[Collection entries]

Lemma tensor_map_exists (A B : lmodType R) (f : {linear A -> B})
    (TA : tensor_product M A) (TB : tensor_product M B) :
  exists phi : {linear TA -> TB}, is_tensor_map f phi.
Proof.
have bLr m : is_lin (fun a => tp_map TB m (f a)).
  by move=> k x y; rewrite linearP (tp_linr TB m).
have [[phi phiE] _] := tp_univ TA bLr (fun a => tp_linl TB (f a)).
by exists phi.
Qed.

Variables (A B C : lmodType R).
Variables (TA : tensor_product M A) (TB : tensor_product M B) (TC : tensor_product M C).

Lemma tensor_map_comp (f : A -> B) (g : B -> C) (phi : TA -> TB) (psi : TB -> TC) :
  is_tensor_map f phi -> is_tensor_map g psi -> is_tensor_map (g \o f) (psi \o phi).
Proof. by move=> fphi gpsi m a /=; rewrite fphi gpsi. Qed.

Lemma tensor_map_scale s : is_tensor_map ( *:%R s : A -> A) ( *:%R s : TA -> TA).
Proof. by move=> m a /=; rewrite (is_linZ (tp_linr TA m)). Qed.

Lemma tensor_map_id : is_tensor_map (@idfun A) (@idfun TA).
Proof. by []. Qed.

Lemma tensor_map_unique (f1 f2 : A -> B) (phi1 phi2 : {linear TA -> TB}) :
  f1 =1 f2 -> is_tensor_map f1 phi1 -> is_tensor_map f2 phi2 -> phi1 =1 phi2.
Proof. by move=> f12 f1phi f2phi; apply: tensor_ext => m a; rewrite f1phi f2phi f12. Qed.

End TensorMaps.

(** * Right exactness of tensor products up to scalars *)

Section Factorization.
Variables (R : comPzRingType) (A B C : lmodType R).
Variables (f : {linear A -> B}) (g : {linear B -> C}) (s : R).
Hypothesis ker_g : forall b, g b = 0 -> exists a, f a = s *: b.
Hypothesis g_surj : forall c, exists b, g b = s *: c.

Definition preim (c : C) : B := projT1 (cid (g_surj c)).

Lemma preimP c : g (preim c) = s *: c.
Proof. by rewrite /preim; case: cid. Qed.

Variables (Q : lmodType R) (k : B -> Q) (kL : is_lin k).
Hypothesis kf : forall a, k (f a) = 0.

(* k kills Im f, hence factors through g, a cokernel of f up to s, at the cost of
   the scalar s * s (factor_g). *)
Definition factor (c : C) : Q := k (s *: preim c).

Lemma factor_congr b b' : g b = g b' -> k (s *: b) = k (s *: b').
Proof.
move=> gbb'.
have [a fa] : exists a, f a = s *: (b - b') by apply: ker_g; rewrite linearB gbb' subrr.
by rewrite -[s *: b](subrK (s *: b')) -scalerBr -fa (is_linD kL) kf add0r.
Qed.

Lemma factor_is_lin : is_lin factor.
Proof.
move=> r c1 c2; rewrite /factor (@factor_congr _ (r *: preim c1 + preim c2)).
  by rewrite scalerDr scalerA mulrC -scalerA (is_linD kL) (is_linZ kL).
by rewrite linearP !preimP scalerDr !scalerA mulrC.
Qed.

Lemma factor_g b : factor (g b) = (s * s) *: k b.
Proof.
rewrite /factor (@factor_congr _ (s *: b)) ?preimP ?linearZ //.
by rewrite -scalerA !(is_linZ kL).
Qed.

End Factorization.

Section TensorRightExact.
Variables (R : comPzRingType) (M A B C : lmodType R).
Variables (f : {linear A -> B}) (g : {linear B -> C}) (s : R).
Variables (TA : tensor_product M A) (TB : tensor_product M B) (TC : tensor_product M C).
Variables (phi : {linear TA -> TB}) (psi : {linear TB -> TC}).
Hypotheses (fphi : is_tensor_map f phi) (gpsi : is_tensor_map g psi).

Lemma tensor_im_sub_ker : (forall a, g (s *: f a) = 0) -> forall x, psi (s *: phi x) = 0.
Proof.
move=> im_f x; have sq := tensor_map_comp (tensor_map_comp fphi (tensor_map_scale _ s)) gpsi.
have zero : is_tensor_map (\0 : A -> C) (\0 : {linear TA -> TC}).
  by move=> m a; rewrite /= (is_lin0 (tp_linr TC m)).
by rewrite -[psi _]/((psi \o *:%R s \o phi) x) (tensor_map_unique _ sq zero).
Qed.

Lemma tensor_uS_surj : (forall b, exists a, f a = s *: b) -> forall z, exists y, phi y = s *: z.
Proof.
move=> f_surj; apply: tensor_ind.
- by exists 0; rewrite linear0 scaler0.
- move=> k x x' [y yx] [y' yx']; exists (k *: y + y').
  by rewrite linearP yx yx' scalerDr !scalerA mulrC.
- move=> m b; have [a fa] := f_surj b.
  by exists (tp_map TA m a); rewrite fphi fa (is_linZ (tp_linr TB m)).
Qed.

Lemma tensor_ker_sub_im :
  (forall b, g b = 0 -> exists a, f a = s *: b) -> (forall c, exists b, g b = s *: c) ->
  forall y, psi y = 0 -> exists x, phi x = (s * s) *: y.
Proof.
move=> ker_g g_surj.
pose k m b := coker_pi phi (tp_map TB m b).
have kL m : is_lin (k m) by move=> r b b'; rewrite /k (tp_linr TB) linearP.
have kf m a : k m (f a) = 0 by rewrite /k -fphi coker_pi_im.
pose b m c := factor g_surj (k m) c.
have bLr m : is_lin (b m) := factor_is_lin ker_g g_surj (kL m) (kf m).
have bLl c : is_lin (fun m => b m c).
  by move=> r m m'; rewrite /b /factor /k (tp_linl TB) linearP.
have [[F Fb] _] := tp_univ TC bLr bLl.
have Fpsi z : F (psi z) = coker_pi phi ((s * s) *: z).
  have -> : F (psi z) = (F \o psi) z by [].
  have -> : coker_pi phi ((s * s) *: z) = (coker_pi phi \o *:%R (s * s)) z by [].
  apply: tensor_ext => m b'; rewrite /= gpsi Fb /b (factor_g ker_g g_surj (kL m) (kf m)).
  by rewrite /k -linearZ.
move=> y psiy.
have /coker_pi_eq0 [x ->] : coker_pi phi ((s * s) *: y) = 0 by rewrite -Fpsi psiy linear0.
by exists x.
Qed.

End TensorRightExact.

(** * u-S-monomorphisms and the characterisation of u-S-absolute purity *)

Section USMono.
Variables (R : comPzRingType) (S : R -> Prop).
Hypothesis HS : mult_subset S.

Let SM a b : S a -> S b -> S (a * b). Proof. exact: HS.2. Qed.

Definition uS_mono (A B : lmodType R) (f : A -> B) :=
  exists s, S s /\ forall a, f a = 0 -> s *: a = 0.

Definition uS_tensor_mono (A B : lmodType R) (f : {linear A -> B}) :=
  forall (M : lmodType R) (TA : tensor_product M A) (TB : tensor_product M B)
         (phi : {linear TA -> TB}), is_tensor_map f phi -> uS_mono phi.

Lemma uS_mono_comp (A B C : lmodType R) (f : {linear A -> B}) (g : {linear B -> C}) :
  uS_mono f -> uS_mono g -> uS_mono (g \o f).
Proof.
move=> [s [Ss fs]] [t [St gt]]; exists (s * t); split; first exact: SM.
by move=> a /gt; rewrite -linearZ => /fs; rewrite scalerA mulrC.
Qed.

Lemma uS_mono_of_comp (A B C : lmodType R) (f : A -> B) (g : {linear B -> C}) :
  uS_mono (g \o f) -> uS_mono f.
Proof. by move=> [s [Ss gfs]]; exists s; split=> // a /= fa; apply: gfs; rewrite /= fa linear0. Qed.

Lemma uS_mono_of_comp_uS_surj (A B C : lmodType R) (f : {linear A -> B}) (g : {linear B -> C}) s :
  S s -> (forall b, exists a, f a = s *: b) -> uS_mono (g \o f) -> uS_mono g.
Proof.
move=> Ss f_surj [t [St gft]]; exists (t * s); split; first exact: SM.
move=> b gb; have [a fa] := f_surj b.
have gfa : g (f a) = 0 by rewrite fa linearZ_LR gb scaler0.
by rewrite -scalerA -fa -linearZ (gft a gfa) linear0.
Qed.

Lemma uS_mono_of_retraction (A B : lmodType R) (f : {linear A -> B}) (k : {linear B -> A}) s :
  S s -> (forall a, k (f a) = s *: a) -> uS_mono f.
Proof. by move=> Ss kf; exists s; split=> // a fa; rewrite -kf fa linear0. Qed.

Lemma uS_exact_build (A B C : lmodType R) (f : {linear A -> B}) (g : {linear B -> C}) s1 s2 s3 s4 :
  S s1 -> S s2 -> S s3 -> S s4 ->
  (forall a, f a = 0 -> s1 *: a = 0) ->
  (forall b, g b = 0 -> exists a, f a = s2 *: b) ->
  (forall a, g (s3 *: f a) = 0) ->
  (forall c, exists b, g b = s4 *: c) -> uS_exact S f g.
Proof.
move=> S1 S2 S3 S4 ker_f ker_g im_f g_surj.
exists (s1 * s2 * s3 * s4); split; first by do !apply: SM.
split.
  move=> a /ker_f fa.
  have -> : s1 * s2 * s3 * s4 = (s2 * s3 * s4) * s1 by ring.
  by rewrite -scalerA fa scaler0.
split.
  move=> b /ker_g [a fa]; exists ((s1 * s3 * s4) *: a); rewrite linearZ_LR fa scalerA.
  by congr (_ *: _); ring.
split.
  move=> a; have -> : s1 * s2 * s3 * s4 = (s1 * s2 * s4) * s3 by ring.
  by rewrite -scalerA linearZ_LR im_f scaler0.
move=> c; have [b gb] := g_surj ((s1 * s2 * s3) *: c).
by exists b; rewrite gb scalerA; congr (_ *: _); ring.
Qed.

Lemma uS_exact_mono (A B C : lmodType R) (f : {linear A -> B}) (g : {linear B -> C}) :
  uS_exact S f g -> uS_mono f.
Proof. by move=> [s [Ss [ker_f _]]]; exists s. Qed.

Lemma uS_pureP (A B C : lmodType R) (f : {linear A -> B}) (g : {linear B -> C}) :
  uS_pure S f g <-> uS_exact S f g /\ uS_tensor_mono f.
Proof.
split=> [[fg fg_tensor]|[fg f_tensor]].
  split=> // M TA TB phi fphi.
  have [psi gpsi] := tensor_map_exists g TB (tensor M C).
  exact: uS_exact_mono (fg_tensor M TA TB _ phi psi fphi gpsi).
split=> // M TA TB TC phi psi fphi gpsi.
have [t [St ker_phi]] := f_tensor M TA TB phi fphi.
have [s [Ss [_ [ker_g [im_f g_surj]]]]] := fg.
apply: (uS_exact_build St (SM Ss Ss) Ss Ss ker_phi).
- exact: tensor_ker_sub_im fphi gpsi ker_g g_surj.
- exact: tensor_im_sub_ker fphi gpsi im_f.
- exact: tensor_uS_surj gpsi g_surj.
Qed.

Lemma uS_exact_coker (X Y : lmodType R) (u : {linear X -> Y}) :
  uS_mono u -> uS_exact S u (coker_pi u).
Proof.
move=> [s [Ss ker_u]]; exists s; do !split => //.
- by move=> y /coker_pi_eq0 [x ->]; exists (s *: x); rewrite linearZ.
- by move=> x; rewrite -linearZ coker_pi_im.
- by move=> q; have [y ->] := coker_pi_surj q; exists (s *: y); rewrite linearZ.
Qed.

Lemma uS_abs_pureP (E : lmodType R) :
  uS_abs_pure S E <->
  forall (B : lmodType R) (f : {linear E -> B}), uS_mono f -> uS_tensor_mono f.
Proof.
split=> [AP B f f_mono|AP B C f g fg].
  by have /uS_pureP [] := AP _ _ f _ (uS_exact_coker f_mono).
by apply/uS_pureP; split=> //; apply/AP/(uS_exact_mono fg).
Qed.

End USMono.

Section Pushout.
Variables (R : comPzRingType) (A B D : lmodType R).
Variables (f : {linear A -> B}) (h : {linear A -> D}).

Definition pushout_rel (a : A) : B * D := (f a, - h a).

Lemma pushout_rel_is_lin : is_lin pushout_rel.
Proof. by move=> k x y; rewrite /pushout_rel !linearP /=; congr (_, _); rewrite opprD scalerN. Qed.

Let rel := linmap pushout_rel_is_lin.

Definition pushout : lmodType R := coker rel.

Lemma pushout_inl_is_lin : is_lin (fun b : B => coker_pi rel (b, 0)).
Proof. by move=> k x y; rewrite -linearP; congr (coker_pi _ (_, _)); rewrite /= scaler0 addr0. Qed.

Lemma pushout_inr_is_lin : is_lin (fun d : D => coker_pi rel (0, d)).
Proof. by move=> k x y; rewrite -linearP; congr (coker_pi _ (_, _)); rewrite /= scaler0 addr0. Qed.

Definition pushout_inl : {linear B -> pushout} := linmap pushout_inl_is_lin.
Definition pushout_inr : {linear D -> pushout} := linmap pushout_inr_is_lin.

Lemma pushout_inlE b : pushout_inl b = coker_pi rel (b, 0). Proof. by []. Qed.
Lemma pushout_inrE d : pushout_inr d = coker_pi rel (0, d). Proof. by []. Qed.

Lemma pushout_comm a : pushout_inl (f a) = pushout_inr (h a).
Proof.
apply/eqP; rewrite -subr_eq0 pushout_inlE pushout_inrE -linearB.
have -> : ((f a, 0) : B * D) - (0, h a) = rel a.
  by congr (_, _); rewrite /= ?oppr0 ?addr0 ?add0r.
by rewrite coker_pi_im.
Qed.

Lemma pushout_inr_inj : (forall a, f a = 0 -> h a = 0) -> injective pushout_inr.
Proof.
move=> ker_fh d d'; rewrite !pushout_inrE => /eqP; rewrite -subr_eq0 -linearB.
move=> /eqP/coker_pi_eq0 [a [fa0 dd']].
by apply/eqP; rewrite -subr_eq0 dd' ker_fh ?oppr0 // -fa0 subrr.
Qed.

Lemma pushout_inl_ker r :
  (forall a, h a = 0 -> r *: a = 0) -> forall b, pushout_inl b = 0 -> r *: b = 0.
Proof.
move=> ker_h b; rewrite pushout_inlE => /coker_pi_eq0 [a [-> ha0]].
by rewrite -linearZ ker_h ?linear0 // -[h a]opprK -ha0 oppr0.
Qed.

End Pushout.

Section Closure.
Variables (R : comPzRingType) (S : R -> Prop).
Hypothesis HS : mult_subset S.

Let SM a b : S a -> S b -> S (a * b). Proof. exact: HS.2. Qed.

◆ ACTION ITEM:
Look back at the entries above and repeat, unchanged, every line from the line holding "Proof. by move=> f12" through the line holding "Hypothesis ker_g : forall".

◆ EXERCISE ANSWER:
Proof. by move=> f12 f1phi f2phi; apply: tensor_ext => m a; rewrite f1phi f2phi f12. Qed.

End TensorMaps.

(** * Right exactness of tensor products up to scalars *)

Section Factorization.
Variables (R : comPzRingType) (A B C : lmodType R).
Variables (f : {linear A -> B}) (g : {linear B -> C}) (s : R).
Hypothesis ker_g : forall b, g b = 0 -> exists a, f a = s *: b.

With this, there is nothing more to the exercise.